December 1, 2015 by JIM BARNES
British Columbia, Ontario and Manitoba will lead the nation in growth, as they are well-positioned to capitalize on rising export demand, notes TD Economics.
BRITISH COLUMBIA: Real GDP growth is estimated at 2.5 per cent in 2015 – more than double the national rate. Over the 2016-17 period, it should be just above two per cent annually. BC’s manufacturing sector had a nominal sales gain of close to five per cent through the first half of the year, according to TD Economics.

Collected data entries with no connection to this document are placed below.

Theorem mainTheorem3 (n r : nat) (lam : ncomp n) (A : 'M[nat]_n) :
  in_Lambda_bullet r lam ->
  in_cb lam A ->
  (exists s : seq nat,
      good_indices n s /\ act_es lam s (ebar A) = kbar lam) /\
  (forall s : seq nat, good_indices n s ->
      (act_es lam s (ebar A) = kbar lam <-> ebar A = act_fs_rev lam s (kbar lam))) /\
  (forall s t : seq nat, good_indices n s -> good_indices n t ->
      ebar A = act_fs_rev lam s (kbar lam) ->
      ebar A = act_fs_rev lam t (kbar lam) ->
      perm_eq s t /\ size s = size t).
Proof.
move=> bullet cbA; split; [|split].
- by have [s] := act_es_to_kbar bullet cbA; exists s.
- by move=> s s_ok; apply: act_es_fs (Dmat_cb lam).
- move=> s t s_ok t_ok Es Et.
  have st := act_fs_perm_eq s_ok t_ok (esym Es) (esym Et).
  by split; last exact: perm_size.
Qed.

ALBERTA: Real GDP contracted 1.4 per cent in 2015, according to researchers. Growth over the 2016-17 period is set at around 1.4 per cent per year. Output in the construction sector is projected to contract by more than 20 per cent this year, largely reflecting a 25 per cent drop in non-residential and engineering construction. Housing starts are also forecast to decline by some 10 per cent this year. Construction activity is expected to decline over the 2016-17 period.
SASKATCHEWAN: Low oil prices are expected to lead to a 0.8 per cent contraction in real GDP this year. “Engineering construction is assumed to decline in 2015, in line with lower rigging activity,” TD Economics researchers said. Capital spending is anticipated to move lower next year before stabilizing in 2017.
MANITOBA: Solid gains in the manufacturing, construction and agricultural sectors should deliver real GDP growth of more than two per cent this year and over the 2016-17 period, according to TD Economics.
ONTARIO: Manufacturers are benefiting from low exchange rates and GDP will rise by two per cent as exports rise. A 2.4 per cent increase in real GDP is predicted for 2016, with growth projected at two per cent in 2017. Nominal GDP growth in Ontario is expected to average 4.2 per cent over the 2016-17 period, according to TD Economics.
The province has announced an aggressive, 10-year infrastructure investment program totalling more than $130 billion.
QUEBEC: Real GDP is expected to increase by 1.3 per cent (year over year). “A pull-back in activity in the province’s construction sector has weighed on economic activity so far this year,” noted researchers. TD Economics calls for new residential construction to move lower over the 2015-16 period before rising in 2017.
The Quebec Infrastructure Plan has allocated investment of $88.4 billion over the coming decade.
ATLANTIC CANADA: The dramatic drop in commodity prices that began last summer is continuing to impact development activity in Atlantic Canada, especially in Newfoundland and Labrador, noted the Atlantic Provinces Economic Council’s Major Projects Inventory, published in May. Research shows spending on major projects in 2015 is expected to total $13.3 billion in Atlantic Canada, down five per cent from last year.
“Spending for this year is up slightly in the three Maritime Provinces and down nine per cent in Newfoundland and Labrador,” said Patrick Brannon, APEC’s Director of Major Projects. “In Newfoundland and Labrador, weaker oil and iron ore prices are impacting the pace of development and activity on the Hebron oil project peaked in 2014.”